DIRECTIONS
Look below for the line containing "Context: $A^\times$ is"; from there through the line containing "Variable R : comNzRingType.", both lines included, please set down each line exactly and nothing else.

DATA UNDER STUDY
________________________
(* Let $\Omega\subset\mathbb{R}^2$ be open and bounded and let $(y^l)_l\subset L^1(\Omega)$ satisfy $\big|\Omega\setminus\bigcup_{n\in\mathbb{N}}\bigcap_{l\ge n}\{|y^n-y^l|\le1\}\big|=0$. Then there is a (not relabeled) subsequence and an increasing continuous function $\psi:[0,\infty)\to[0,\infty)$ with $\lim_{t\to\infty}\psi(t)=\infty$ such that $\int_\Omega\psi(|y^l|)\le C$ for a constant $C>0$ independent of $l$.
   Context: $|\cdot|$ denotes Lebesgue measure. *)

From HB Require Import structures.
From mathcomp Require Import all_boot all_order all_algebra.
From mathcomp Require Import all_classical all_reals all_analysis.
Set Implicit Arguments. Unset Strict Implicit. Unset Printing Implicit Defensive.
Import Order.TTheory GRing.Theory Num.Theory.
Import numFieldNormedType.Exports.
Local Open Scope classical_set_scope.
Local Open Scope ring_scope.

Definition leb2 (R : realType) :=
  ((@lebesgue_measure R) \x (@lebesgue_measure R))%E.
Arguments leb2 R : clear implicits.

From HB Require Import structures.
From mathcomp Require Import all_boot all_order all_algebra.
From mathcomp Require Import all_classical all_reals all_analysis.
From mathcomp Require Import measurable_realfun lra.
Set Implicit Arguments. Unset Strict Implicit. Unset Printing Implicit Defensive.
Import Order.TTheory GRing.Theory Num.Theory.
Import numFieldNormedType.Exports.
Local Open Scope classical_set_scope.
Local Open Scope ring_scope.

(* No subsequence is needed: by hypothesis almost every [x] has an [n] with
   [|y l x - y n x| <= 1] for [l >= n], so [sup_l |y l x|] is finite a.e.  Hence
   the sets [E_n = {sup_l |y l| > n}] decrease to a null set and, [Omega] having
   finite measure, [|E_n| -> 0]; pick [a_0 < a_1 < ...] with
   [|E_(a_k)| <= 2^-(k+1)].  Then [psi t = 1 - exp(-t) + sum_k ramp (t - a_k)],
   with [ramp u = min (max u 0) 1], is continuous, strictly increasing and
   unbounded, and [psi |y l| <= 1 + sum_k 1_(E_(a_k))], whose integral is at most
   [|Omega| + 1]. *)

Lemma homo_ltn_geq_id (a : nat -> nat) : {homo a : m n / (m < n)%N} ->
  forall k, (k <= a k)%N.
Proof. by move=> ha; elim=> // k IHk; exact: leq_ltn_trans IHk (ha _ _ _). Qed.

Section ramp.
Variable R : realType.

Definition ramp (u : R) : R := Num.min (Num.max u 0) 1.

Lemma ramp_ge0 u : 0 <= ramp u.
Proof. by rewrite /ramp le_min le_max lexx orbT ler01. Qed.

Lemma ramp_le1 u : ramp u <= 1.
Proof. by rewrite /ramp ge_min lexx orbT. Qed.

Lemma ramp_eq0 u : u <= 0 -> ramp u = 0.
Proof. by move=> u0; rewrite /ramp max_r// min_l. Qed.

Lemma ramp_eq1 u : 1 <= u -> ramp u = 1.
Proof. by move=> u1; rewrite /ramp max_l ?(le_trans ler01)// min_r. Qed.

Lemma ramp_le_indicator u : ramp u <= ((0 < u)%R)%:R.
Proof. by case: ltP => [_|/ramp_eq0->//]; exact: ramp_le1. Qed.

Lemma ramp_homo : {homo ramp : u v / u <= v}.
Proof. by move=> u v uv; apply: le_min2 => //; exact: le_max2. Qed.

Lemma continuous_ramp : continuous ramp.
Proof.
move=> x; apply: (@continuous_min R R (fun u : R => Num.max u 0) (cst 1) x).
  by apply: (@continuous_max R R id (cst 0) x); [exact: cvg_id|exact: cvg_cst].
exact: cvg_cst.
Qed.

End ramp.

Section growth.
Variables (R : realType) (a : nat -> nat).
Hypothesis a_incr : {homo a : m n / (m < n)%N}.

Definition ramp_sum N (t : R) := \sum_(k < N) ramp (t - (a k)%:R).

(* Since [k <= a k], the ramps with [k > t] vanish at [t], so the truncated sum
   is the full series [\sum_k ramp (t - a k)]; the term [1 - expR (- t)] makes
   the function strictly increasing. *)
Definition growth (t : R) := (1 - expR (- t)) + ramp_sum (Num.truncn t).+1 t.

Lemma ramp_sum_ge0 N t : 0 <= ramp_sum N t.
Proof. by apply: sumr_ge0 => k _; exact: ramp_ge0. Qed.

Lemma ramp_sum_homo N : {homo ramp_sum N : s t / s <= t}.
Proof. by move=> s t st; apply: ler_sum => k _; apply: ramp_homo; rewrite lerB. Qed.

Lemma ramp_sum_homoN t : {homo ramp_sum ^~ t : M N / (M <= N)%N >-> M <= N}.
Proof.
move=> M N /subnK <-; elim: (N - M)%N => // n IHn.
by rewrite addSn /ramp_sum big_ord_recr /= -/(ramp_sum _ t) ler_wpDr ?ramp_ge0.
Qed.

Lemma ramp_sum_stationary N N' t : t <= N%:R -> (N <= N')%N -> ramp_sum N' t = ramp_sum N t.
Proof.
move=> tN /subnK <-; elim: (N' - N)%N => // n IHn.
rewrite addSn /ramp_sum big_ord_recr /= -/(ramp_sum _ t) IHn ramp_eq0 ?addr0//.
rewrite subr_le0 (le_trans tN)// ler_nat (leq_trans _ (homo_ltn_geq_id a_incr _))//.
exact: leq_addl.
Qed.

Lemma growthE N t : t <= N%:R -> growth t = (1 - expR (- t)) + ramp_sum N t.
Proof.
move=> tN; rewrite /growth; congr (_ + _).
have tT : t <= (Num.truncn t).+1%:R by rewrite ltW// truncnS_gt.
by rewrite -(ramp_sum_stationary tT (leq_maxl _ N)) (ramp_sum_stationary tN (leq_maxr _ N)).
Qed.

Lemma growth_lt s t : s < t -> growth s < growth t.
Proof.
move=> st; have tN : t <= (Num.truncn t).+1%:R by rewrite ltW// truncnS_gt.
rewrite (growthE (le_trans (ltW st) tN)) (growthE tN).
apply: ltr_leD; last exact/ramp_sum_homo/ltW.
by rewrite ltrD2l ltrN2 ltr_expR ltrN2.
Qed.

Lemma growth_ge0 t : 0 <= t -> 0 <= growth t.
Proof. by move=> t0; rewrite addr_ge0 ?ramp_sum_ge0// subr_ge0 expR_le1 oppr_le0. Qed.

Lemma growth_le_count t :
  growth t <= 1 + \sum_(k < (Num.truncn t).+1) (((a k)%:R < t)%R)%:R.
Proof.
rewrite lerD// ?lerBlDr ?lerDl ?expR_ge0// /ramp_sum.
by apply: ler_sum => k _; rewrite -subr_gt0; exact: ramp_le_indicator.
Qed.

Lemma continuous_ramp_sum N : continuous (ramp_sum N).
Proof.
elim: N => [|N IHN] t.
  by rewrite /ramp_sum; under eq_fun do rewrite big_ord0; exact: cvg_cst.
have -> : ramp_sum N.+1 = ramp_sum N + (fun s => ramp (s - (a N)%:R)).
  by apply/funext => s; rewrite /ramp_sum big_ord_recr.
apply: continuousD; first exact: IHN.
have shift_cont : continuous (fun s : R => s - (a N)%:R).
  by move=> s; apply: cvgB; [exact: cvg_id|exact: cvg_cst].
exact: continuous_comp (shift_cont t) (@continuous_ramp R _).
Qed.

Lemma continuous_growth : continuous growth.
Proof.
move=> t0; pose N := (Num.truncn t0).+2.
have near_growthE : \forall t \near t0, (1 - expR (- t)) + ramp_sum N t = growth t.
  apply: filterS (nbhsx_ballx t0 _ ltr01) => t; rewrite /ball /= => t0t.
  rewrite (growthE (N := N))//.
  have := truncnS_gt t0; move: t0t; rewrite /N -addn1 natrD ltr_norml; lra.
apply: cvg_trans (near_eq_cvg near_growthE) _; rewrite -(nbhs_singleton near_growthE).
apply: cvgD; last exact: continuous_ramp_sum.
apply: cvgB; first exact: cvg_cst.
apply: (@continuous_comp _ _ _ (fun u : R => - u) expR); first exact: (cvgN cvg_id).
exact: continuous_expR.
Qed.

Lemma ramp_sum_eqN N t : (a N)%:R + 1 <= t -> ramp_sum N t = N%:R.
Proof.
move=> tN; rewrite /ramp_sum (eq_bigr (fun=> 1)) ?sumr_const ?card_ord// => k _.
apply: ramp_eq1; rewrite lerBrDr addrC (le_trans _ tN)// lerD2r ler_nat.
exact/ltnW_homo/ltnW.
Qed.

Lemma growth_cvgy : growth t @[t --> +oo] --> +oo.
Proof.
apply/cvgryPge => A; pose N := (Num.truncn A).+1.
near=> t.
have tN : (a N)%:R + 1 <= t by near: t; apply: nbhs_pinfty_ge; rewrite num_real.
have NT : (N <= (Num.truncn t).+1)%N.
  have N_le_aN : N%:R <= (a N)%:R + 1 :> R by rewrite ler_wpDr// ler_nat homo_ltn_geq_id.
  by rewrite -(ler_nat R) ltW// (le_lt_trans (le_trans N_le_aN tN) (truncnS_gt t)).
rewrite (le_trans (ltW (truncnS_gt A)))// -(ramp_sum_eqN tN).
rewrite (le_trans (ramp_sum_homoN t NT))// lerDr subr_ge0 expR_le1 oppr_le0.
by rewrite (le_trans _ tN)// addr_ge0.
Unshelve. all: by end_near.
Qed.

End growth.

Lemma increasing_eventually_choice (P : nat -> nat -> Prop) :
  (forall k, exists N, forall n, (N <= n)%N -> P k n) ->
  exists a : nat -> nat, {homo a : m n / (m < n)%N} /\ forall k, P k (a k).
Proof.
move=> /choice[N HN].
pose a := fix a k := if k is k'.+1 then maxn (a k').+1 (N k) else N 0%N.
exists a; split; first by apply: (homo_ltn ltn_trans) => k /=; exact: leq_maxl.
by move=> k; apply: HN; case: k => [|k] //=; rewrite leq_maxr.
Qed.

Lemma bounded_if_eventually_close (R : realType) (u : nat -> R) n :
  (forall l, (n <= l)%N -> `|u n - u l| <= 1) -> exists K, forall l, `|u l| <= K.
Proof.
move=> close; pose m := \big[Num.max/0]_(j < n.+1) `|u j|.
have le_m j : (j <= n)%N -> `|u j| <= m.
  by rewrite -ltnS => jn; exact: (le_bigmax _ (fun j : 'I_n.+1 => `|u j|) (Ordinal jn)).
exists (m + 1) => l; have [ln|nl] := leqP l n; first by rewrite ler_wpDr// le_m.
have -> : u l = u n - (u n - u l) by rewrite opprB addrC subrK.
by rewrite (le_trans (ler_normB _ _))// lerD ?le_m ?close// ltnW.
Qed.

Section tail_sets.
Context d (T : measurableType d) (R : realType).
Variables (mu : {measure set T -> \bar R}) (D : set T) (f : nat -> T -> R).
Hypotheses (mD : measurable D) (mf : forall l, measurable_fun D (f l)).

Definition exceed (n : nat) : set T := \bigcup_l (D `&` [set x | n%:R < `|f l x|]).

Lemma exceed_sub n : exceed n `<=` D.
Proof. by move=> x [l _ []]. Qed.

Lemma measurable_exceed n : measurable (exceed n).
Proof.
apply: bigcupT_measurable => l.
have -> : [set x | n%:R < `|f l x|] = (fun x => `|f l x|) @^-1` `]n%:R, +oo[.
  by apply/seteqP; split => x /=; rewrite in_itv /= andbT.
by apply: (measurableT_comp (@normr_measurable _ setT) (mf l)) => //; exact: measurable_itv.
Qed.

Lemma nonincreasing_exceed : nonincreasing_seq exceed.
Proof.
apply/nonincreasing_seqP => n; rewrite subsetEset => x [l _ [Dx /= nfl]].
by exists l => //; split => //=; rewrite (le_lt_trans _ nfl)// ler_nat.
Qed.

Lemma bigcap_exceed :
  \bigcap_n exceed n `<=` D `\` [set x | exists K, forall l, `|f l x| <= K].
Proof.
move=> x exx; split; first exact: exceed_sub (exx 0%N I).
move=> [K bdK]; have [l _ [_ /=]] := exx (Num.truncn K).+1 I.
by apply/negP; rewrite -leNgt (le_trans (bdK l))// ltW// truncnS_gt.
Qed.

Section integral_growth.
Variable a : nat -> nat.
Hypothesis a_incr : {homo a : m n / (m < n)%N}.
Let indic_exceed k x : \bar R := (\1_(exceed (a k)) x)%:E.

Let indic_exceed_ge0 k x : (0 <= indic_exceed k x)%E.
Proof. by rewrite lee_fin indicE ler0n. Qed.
________________________
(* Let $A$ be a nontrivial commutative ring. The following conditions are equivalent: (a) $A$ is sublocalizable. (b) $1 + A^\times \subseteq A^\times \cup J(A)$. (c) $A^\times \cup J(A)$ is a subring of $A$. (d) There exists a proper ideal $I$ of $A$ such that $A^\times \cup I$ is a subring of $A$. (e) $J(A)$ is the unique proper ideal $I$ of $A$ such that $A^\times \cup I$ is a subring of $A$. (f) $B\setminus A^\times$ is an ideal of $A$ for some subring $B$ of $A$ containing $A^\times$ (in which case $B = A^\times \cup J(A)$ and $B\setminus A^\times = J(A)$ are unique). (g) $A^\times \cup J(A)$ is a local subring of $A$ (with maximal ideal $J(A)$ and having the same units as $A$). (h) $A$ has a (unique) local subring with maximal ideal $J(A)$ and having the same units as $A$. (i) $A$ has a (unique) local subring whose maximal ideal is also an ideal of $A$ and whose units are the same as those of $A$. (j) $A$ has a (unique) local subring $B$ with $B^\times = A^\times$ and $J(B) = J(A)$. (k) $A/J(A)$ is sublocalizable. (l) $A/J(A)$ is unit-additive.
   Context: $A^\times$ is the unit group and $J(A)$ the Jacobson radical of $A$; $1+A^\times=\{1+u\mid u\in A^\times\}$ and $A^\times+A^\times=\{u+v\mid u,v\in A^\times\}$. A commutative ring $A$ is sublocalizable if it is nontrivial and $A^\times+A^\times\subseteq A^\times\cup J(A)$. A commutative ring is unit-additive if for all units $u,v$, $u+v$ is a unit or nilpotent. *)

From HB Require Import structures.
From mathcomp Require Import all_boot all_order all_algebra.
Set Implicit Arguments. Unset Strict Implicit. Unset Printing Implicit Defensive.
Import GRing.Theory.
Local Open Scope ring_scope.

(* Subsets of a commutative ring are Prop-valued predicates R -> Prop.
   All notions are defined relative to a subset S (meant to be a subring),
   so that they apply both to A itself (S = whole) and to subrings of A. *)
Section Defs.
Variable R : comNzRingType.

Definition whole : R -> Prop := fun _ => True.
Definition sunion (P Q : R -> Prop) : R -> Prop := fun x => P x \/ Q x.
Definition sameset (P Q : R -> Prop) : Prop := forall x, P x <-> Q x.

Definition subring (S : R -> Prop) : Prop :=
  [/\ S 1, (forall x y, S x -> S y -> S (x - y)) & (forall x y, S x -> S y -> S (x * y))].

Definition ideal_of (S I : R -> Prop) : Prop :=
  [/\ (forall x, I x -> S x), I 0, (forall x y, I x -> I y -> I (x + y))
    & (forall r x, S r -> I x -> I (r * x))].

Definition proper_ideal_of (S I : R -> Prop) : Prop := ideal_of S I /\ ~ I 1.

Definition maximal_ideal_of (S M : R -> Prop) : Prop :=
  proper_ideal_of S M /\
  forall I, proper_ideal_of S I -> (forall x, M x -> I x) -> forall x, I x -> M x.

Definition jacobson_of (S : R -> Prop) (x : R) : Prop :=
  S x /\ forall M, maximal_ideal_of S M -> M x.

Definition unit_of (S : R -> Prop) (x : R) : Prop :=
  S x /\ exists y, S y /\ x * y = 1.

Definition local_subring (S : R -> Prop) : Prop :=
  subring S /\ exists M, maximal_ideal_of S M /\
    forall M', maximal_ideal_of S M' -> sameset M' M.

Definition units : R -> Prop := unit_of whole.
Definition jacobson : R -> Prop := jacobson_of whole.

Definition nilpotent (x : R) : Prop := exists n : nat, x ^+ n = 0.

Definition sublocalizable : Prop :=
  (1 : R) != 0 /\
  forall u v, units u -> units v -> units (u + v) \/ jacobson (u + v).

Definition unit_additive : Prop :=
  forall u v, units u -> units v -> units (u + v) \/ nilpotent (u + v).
________________________
EXERCISE SOLUTION
   Context: $A^\times$ is the unit group and $J(A)$ the Jacobson radical of $A$; $1+A^\times=\{1+u\mid u\in A^\times\}$ and $A^\times+A^\times=\{u+v\mid u,v\in A^\times\}$. A commutative ring $A$ is sublocalizable if it is nontrivial and $A^\times+A^\times\subseteq A^\times\cup J(A)$. A commutative ring is unit-additive if for all units $u,v$, $u+v$ is a unit or nilpotent. *)

From HB Require Import structures.
From mathcomp Require Import all_boot all_order all_algebra.
Set Implicit Arguments. Unset Strict Implicit. Unset Printing Implicit Defensive.
Import GRing.Theory.
Local Open Scope ring_scope.

(* Subsets of a commutative ring are Prop-valued predicates R -> Prop.
   All notions are defined relative to a subset S (meant to be a subring),
   so that they apply both to A itself (S = whole) and to subrings of A. *)
Section Defs.
Variable R : comNzRingType.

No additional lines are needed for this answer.